Sunday, April 16, 2017

Two unconventional American offerings at the Hong Kong International Film Festival (film reviews)

The commercial and arthouse meet at some
Hong Kong International Film Festival venues ;b

Loving (USA-UK, 2016)
- Screening as part of the HKIFF's Gala Presentation program
- Jeff Nichols, director
- Starring: Ruth Negga, Joel Edgerton

In the space of just five days, I've happened to see two films about real-life interracial couples.  The day before the 2017 Hong Kong International Film Festival began, I viewed Amma Asante's A United Kingdom, which tells the true story of Seretsa Khama and Ruth Williams in a moving but rather conventional way, at a local multiplex.  But while Jeff Nichols' Loving may well also get a regular theatrical run here in Hong Kong, this drama about a Virginia couple whose marriage would not be recognized by their state possesses a more unorthodox style that does seem to make it more suitable film festival fare.          

In light of its subject matter, it'd be understandable if the movie had plenty of melodramatic scenes, tense moments and grand speechifying.  We're talking, after all, about a production which tells the true story of a Southern white man and non-white (sometimes identified as black, other times as Native American, and still other times as both) whose marriage's legality was debated all the way up to the Supreme Court.  

However, Loving is a surprisingly quiet film whose understatedness sometimes threatens to emotionally underwhelm but lack of stillness also can provide certain otherwise mundane proceedings with a stately and atemporal monumentality.  Also rather contrarian is the movie showing that even while Jim Crow laws were on the books in much of the US at the time, there were places even the protagonists' home state of Virginia where white and non-white people were neighbors, worked side by side and socialized (with the unspoken idea being that poverty made them equal but that prejudices still remained, and were liable to rear its head even in (supposedly) friendly company). 

Another unusual aspect of this offering is its choice of an Ethiopian-Irish actress and Australian actor in its lead roles.  Still, in the wake of British actor Chiwetel Ejiofor having starred in 12 Years a Slave (which also had an Oscar-winning turn by Kenyan actress Lupita Nyong'o) and Nigerian-British thespian David Oyelowo having portrayed Martin Luther King in Selma, perhaps it actually was only par for the course that someone like Ruth Negga would get the role of Mildred Jeter Loving and Joel Edgerton that of Richard Loving in this US-UK co-production -- and, also, that they would easily convince in those parts.      

If truth be told, there are a few occasions in the film when director Jeff Nichols does appear too intent on playing with audience expectations before subverting them.  (I think particularly of a scene involving a rope being strung up on a tree that I thought stoked fears in too cheap a manner before dissolving to reveal, and revel in, innocent play.)  On the whole, however, the Arkansas filmmaker has fashioned a cinematic work that is hypnotizingly watchable and where a simple statement such as "Tell the judge I love my wife" can mean and stand for so very much.
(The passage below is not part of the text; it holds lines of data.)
(* Let $X$ be a metrizable space and $A\subset X$. Then the discretization $X_A$ of $X$ by $A$ has a regular base at non-isolated points.
   Context: The discretization $X_A$ is the set $X$ with the topology generated by the base $\{U: U \text{ open in } X\}\cup\{\{x\}:x\in A\}$. A base $\mathcal{B}$ is regular at $x$ if for every neighborhood $U$ of $x$ there is an open $V$ with $x\in V\subset U$ such that $\{B\in\mathcal{B}: B\cap V\neq\emptyset,\ B\not\subset U\}$ is finite; a regular base at non-isolated points is regular at every non-isolated point. *)

From Stdlib Require Import Reals List.
Open Scope R_scope.

Definition is_topology {X : Type} (op : (X -> Prop) -> Prop) : Prop :=
  op (fun _ => True) /\
  (forall U V, op U -> op V -> op (fun x => U x /\ V x)) /\
  (forall F : (X -> Prop) -> Prop, (forall U, F U -> op U) ->
     op (fun x => exists U, F U /\ U x)).

Definition subset {X : Type} (U V : X -> Prop) : Prop := forall x, U x -> V x.

Definition is_metric {X : Type} (d : X -> X -> R) : Prop :=
  (forall x y, 0 <= d x y) /\
  (forall x y, d x y = 0 <-> x = y) /\
  (forall x y, d x y = d y x) /\
  (forall x y z, d x z <= d x y + d y z).

Definition metric_open {X : Type} (d : X -> X -> R) (U : X -> Prop) : Prop :=
  forall x, U x -> exists eps, 0 < eps /\ subset (fun y => d x y < eps) U.

Definition metrizable {X : Type} (op : (X -> Prop) -> Prop) : Prop :=
  exists d, is_metric d /\ forall U, op U <-> metric_open d U.

Definition is_base {X : Type} (op : (X -> Prop) -> Prop) (B : (X -> Prop) -> Prop) : Prop :=
  (forall b, B b -> op b) /\
  (forall U x, op U -> U x -> exists b, B b /\ b x /\ subset b U).

Definition generated_topology {X : Type} (B : (X -> Prop) -> Prop) (U : X -> Prop) : Prop :=
  forall x, U x -> exists b, B b /\ b x /\ subset b U.

Definition discr_base {X : Type} (op : (X -> Prop) -> Prop) (A : X -> Prop)
  (b : X -> Prop) : Prop :=
  op b \/ exists x, A x /\ b = (fun y => y = x).

Definition discretization {X : Type} (op : (X -> Prop) -> Prop) (A : X -> Prop)
  : (X -> Prop) -> Prop :=
  generated_topology (discr_base op A).

Definition isolated {X : Type} (op : (X -> Prop) -> Prop) (x : X) : Prop :=
  op (fun y => y = x).

Definition neighborhood {X : Type} (op : (X -> Prop) -> Prop) (x : X) (U : X -> Prop) : Prop :=
  exists W, op W /\ W x /\ subset W U.

Definition finite_family {X : Type} (F : (X -> Prop) -> Prop) : Prop :=
  exists l : list (X -> Prop), forall b, F b -> In b l.

Definition regular_at {X : Type} (op : (X -> Prop) -> Prop) (B : (X -> Prop) -> Prop)
  (x : X) : Prop :=
  forall U, neighborhood op x U ->
    exists V, op V /\ V x /\ subset V U /\
      finite_family (fun b => B b /\ (exists y, b y /\ V y) /\ ~ subset b U).

Definition regular_base_at_nonisolated {X : Type} (op : (X -> Prop) -> Prop) : Prop :=
  exists B, is_base op B /\ forall x, ~ isolated op x -> regular_at op B x.

(* Fix a metric d on X.  Following A. H. Stone's proof that metric spaces are
   paracompact, a well-ordering of X yields, for every radius r > 0, an open
   cover of X by "pieces": each piece lies in a ball of radius r about its
   centre, and pieces of the same level k with distinct centres are
   rho k = (1/2)^k apart.  This cover is locally finite.

   The base of X_A is then formed by the singletons {a} (a in A) together with
   the pieces of all radii rho m.  At a point x that is not isolated in X_A,
   every X_A-neighbourhood U of x contains a ball B(x, eps).  Inside a small
   ball V about x, the basic sets meeting V but not contained in U are neither
   singletons (these would lie in V, hence in U) nor pieces of a small radius
   (these would lie in B(x, eps)); they are pieces of one of finitely many
   large radii, and only finitely many of those meet V by local finiteness. *)

From Stdlib Require Import Reals List Lia Lra Classical.
From mathcomp Require ssreflect ssrfun ssrbool eqtype boolp wochoice.
Open Scope R_scope.

Definition prop_well_order {X : Type} (Rw : X -> X -> Prop) : Prop :=
  (forall P : X -> Prop, (exists x, P x) ->
     exists z, P z /\ forall y, P y -> Rw z y) /\
  (forall s t, Rw s t -> Rw t s -> s = t).

Module WellOrdering.
Import ssreflect ssrfun ssrbool eqtype boolp wochoice.

Lemma well_order_exists (X : Type) : exists Rw : X -> X -> Prop, prop_well_order Rw.
Proof.
have [R wR] := @well_ordering_principle {classic X}.
have wR_chain : wo_chain R predT by exact: withinW.
exists (fun s t => R s t); split.
- move=> P [x Px].
  have [|z [[zP zmin] _]] := wR [pred y | `[< P y >]].
    by exists x; rewrite inE; apply/asboolP.
  exists z; split; first by move: zP; rewrite inE => /asboolP.
  by move=> y Py; apply: zmin; rewrite inE; apply/asboolP.
- move=> s t Rst Rts.
  by apply: (wo_chain_antisymmetric wR_chain) => //; rewrite Rst Rts.
Qed.
End WellOrdering.

Definition rho (k : nat) : R := (/2)^k.

Lemma rho_pos k : 0 < rho k.
Proof. unfold rho; apply pow_lt; lra. Qed.

Lemma rho_S k : rho (S k) = rho k / 2.
Proof. unfold rho; simpl; field. Qed.

Lemma rho_antitone k i : (k <= i)%nat -> rho i <= rho k.
Proof.
intros Hki. induction Hki as [|i _ IH]; [lra|].
rewrite rho_S. pose proof (rho_pos i). lra.
Qed.
Lemma cesaro_linear (t : R) : 0 <= t < 1 -> linear_HD (cesaro t).
Proof.
  intros Ht.
  assert (Hc : forall f, holo_disc f -> continuous_disc (cesaro_integrand t f))
    by (intros f Hf; apply holo_disc_continuous, holo_cesaro_integrand; assumption).
  split.
  - intros f g Hf Hg z Hz. rewrite !cesaro_segment_mean, <- segment_mean_plus by auto.
    apply segment_mean_ext. intros xi. unfold cesaro_integrand, Cdiv. ring.
  - intros a f Hf z Hz. rewrite !cesaro_segment_mean, <- segment_mean_Cmult_l by auto.
    apply segment_mean_ext. intros xi. unfold cesaro_integrand, Cdiv. ring.
Qed.

Lemma cesaro_const_0 (t : R) (z : C) : cesaro t (fun _ => 0%C) z = 0%C.
Proof.
  unfold cesaro, seg_integral. destruct Req_EM_T; [reflexivity |].
  rewrite (RInt_ext (V := C_R_CompleteNormedModule) _ (fun _ => zero))
    by (intros s _; change (@eq C (z * (0 / (1 - RtoC t * (RtoC s * z))))%C (RtoC 0));
        unfold Cdiv; ring).
  rewrite RInt_const, (scal_zero_r (V := C_R_CompleteNormedModule)).
  change (@eq C (/ z * RtoC 0)%C (RtoC 0)). ring.
Qed.

Lemma cesaro_sub_le (t r : R) (f g : C -> C) (M : R) (z : C) :
  0 <= t < 1 -> r < 1 -> holo_disc f -> holo_disc g ->
  (forall xi, Cmod xi <= r -> Cmod (g xi - f xi) <= M) -> Cmod z <= r ->
  Cmod (cesaro t g z - cesaro t f z) <= M / (1 - r).
Proof.
  intros Ht Hr Hf Hg HM Hz. rewrite !cesaro_segment_mean.
  apply segment_mean_sub_le;
    [apply holo_disc_continuous, holo_cesaro_integrand; auto .. | unfold in_disc; lra |].
  intros xi Hxi.
  assert (Hxr : Cmod xi <= r) by lra.
  assert (Hq := cesaro_denominator_ge t xi Ht).
  assert (Hq0 := cesaro_denominator_neq_0 t xi Ht ltac:(unfold in_disc; lra)).
  unfold cesaro_integrand.
  replace (g xi / (1 - RtoC t * xi) - f xi / (1 - RtoC t * xi))%C
    with ((g xi - f xi) / (1 - RtoC t * xi))%C by (field; exact Hq0).
  rewrite Cmod_div by exact Hq0.
  apply Rmult_le_compat; [apply Cmod_ge_0 | left; apply Rinv_0_lt_compat; lra
                         | apply HM, Hxr | apply Rinv_le_contravar; lra].
Qed.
My rating for the film: 8.0                

- Screening as part of the HKIFF's Master Class program
- Errol Morris, director

At 76 minutes in length, Errol Morris' documentary portrait of photographer Elsa Dorfman, who took large-format Polaroid snaps of the well known and less so, is the shortest of the eight feature length works (seven of which have screened as part of the Hong Kong International Film Festival) I've viewed thus far this week.  It also feels the slightest, like the kind of modest work about a friend whose ideal audience actually would have been other friends of theirs.

Perhaps realizing this, The B-Side: Elsa Dorfman's Portrait Photography ends up having a significant chunk of it devoted to documenting its (main) subject's relationship with Beat writer-poet Allen Ginsberg and also has her recounting the evening when she photographed Bob Dylan.  Yet, the truth of the matter is that I found this work to be considerably more interesting when Elsa Dorfman talked about what led to her picking up a camera for the first time only as an adult and the stories behind a number of photographs she took of herself, her mother and also various strangers who paid to be photographed by her (and whose "B-Side" pictures, the photographs they rejected in favor of others, she kept even while they walked away with the "A-Side" shots).

Also interesting is Elsa Dorfman's discussion of the rise and fall of Polaroid Corporation which made some amazing products that the likes of her appeared to appreciate much more highly than its company executives.  It feels like there's an interesting story there waiting to be told but, alas, that cautionary tale still awaits to be told in another, more ambitious film.